- Born: Michigan City, Indiana, U.S.
- Education: BA, management, O'Neill School of Public and Environmental Affairs
- Employer(s): Tim Knight Enterprises Indiana University
- Spouse: Heidi

= Scott Dolson =

Director of Athletics at Indiana University

Scott Dolson is the Vice President and Director of Intercollegiate Athletics at Indiana University.

==Early life==
Dolson was born and raised in Michigan City, Indiana, where he attended Rogers High School. Following high school, Dolson graduated from the O'Neill School of Public and Environmental Affairs with a bachelor's degree in management.
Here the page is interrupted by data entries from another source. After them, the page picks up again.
(* If a dual-convex $m\times n$ net in $I^3$ is flexible in $I^3$, then every dual-convex $m\times n$ net that is a Combescure transformation of it, and every dual-convex $m\times n$ net obtained from it by a dual-affine transformation, is flexible in $I^3$.
   Context: $I^3$ is $\mathbb{R}^3$ with coordinates $(x,y,z)$; isotropic = parallel to the $z$-axis; top view of $(x,y,z)$ is $(x,y)$. Isotropic congruences: maps $\mathbf{x}\mapsto A\mathbf{x}+\mathbf{b}$, $A=\begin{pmatrix}\cos\phi&-\sin\phi&0\\ \sin\phi&\cos\phi&0\\ c_1&c_2&1\end{pmatrix}$. Metric duality: point $P=(P^1,P^2,P^3)\leftrightarrow$ plane $P^*\colon z=P^1x+P^2y-P^3$. An $m\times n$ net: points $F_{ij}$, $0\le i\le m,0\le j\le n$, with $F_{ij},F_{i+1,j},F_{i+1,j+1},F_{i,j+1}$ consecutive vertices of a convex planar quadrilateral (face $p_{ij}$) for all $0\le i<m,0\le j<n$. Boundary vertices: $i\in\{0,m\}$ or $j\in\{0,n\}$; consecutive faces around non-boundary $F_{ij}$: $p_{i-1,j-1},p_{i,j-1},p_{ij},p_{i-1,j}$. Convex 4-hedral angle with vertex $O$, flat angles, admissible (isotropic line through $O$ meets interior) as usual; dual-convex: $m,n\ge2$ and at each non-boundary vertex the four consecutive face planes are the planes of four consecutive flat angles of an admissible convex 4-hedral angle. Curvature at non-boundary vertex with consecutive faces $p_1..p_4$: $\Omega=\frac12\sum_{k=1}^4\det(\overline{p_k^*},\overline{p_{k+1}^*})$, $p_5=p_1$. Flexible in $I^3$: there is a continuous family of $m\times n$ nets $F_{ij}(t)$, $t\in[0,1]$, $F_{ij}(0)=F_{ij}$, with corresponding faces isotropically congruent, corresponding non-boundary vertices of equal curvature, and not for every $t$ an isotropic congruence $C_t$ with $F_{ij}(t)=C_t(F_{ij})$ for all $i,j$. Combescure transformation: a net with the same index set whose corresponding edges are parallel. Dual-affine transformation: a projective transformation of the projective closure of $I^3$ that keeps the $z$-direction (fixes the point at infinity of the $z$-axis). *)

From HB Require Import structures.
From mathcomp Require Import all_boot all_order all_algebra.
From mathcomp Require Import all_classical all_reals all_analysis.
Set Implicit Arguments. Unset Strict Implicit. Unset Printing Implicit Defensive.
Import Order.TTheory GRing.Theory Num.Theory.
Import numFieldNormedType.Exports.
Local Open Scope ring_scope.

Section Isotropic.
Variable R : realType.

Record pt := Pt { px : R; py : R; pz : R }.

Definition psub (P Q : pt) : pt := Pt (px P - px Q) (py P - py Q) (pz P - pz Q).
Definition padd (P Q : pt) : pt := Pt (px P + px Q) (py P + py Q) (pz P + pz Q).
Definition pscale (s : R) (P : pt) : pt := Pt (s * px P) (s * py P) (s * pz P).
Definition dot (P Q : pt) : R := px P * px Q + py P * py Q + pz P * pz Q.
Definition cross (P Q : pt) : pt :=
  Pt (py P * pz Q - pz P * py Q) (pz P * px Q - px P * pz Q) (px P * py Q - py P * px Q).
Definition pzero : pt := Pt 0 0 0.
While an undergraduate, Dolson was encouraged by Delray Brooks, his high school friend who played one season and part of a second for the Hoosiers, to become a student manager for the Indiana Hoosiers men's basketball team. He served in this role for four seasons and became the program's head manager in 1988.

==Career==
Following graduation, Dolson worked for Tim Knight Enterprises before returning to Indiana University in December 1989. While serving as director of IU's Varsity Club in 2008, Dolson was tapped to replace Fred Glass as IU's deputy director and chief operating officer of intercollegiate athletics. In March 2020, he was appointed President and Director of Intercollegiate Athletics at IU.

==Personal life==
Dolson is married to Heidi, the special projects manager for the IU Alumni Association. They share five children; Luke, Sam and Zach Wisen, and Kristen and Nick Dolson, along with future son-in-law Jeff.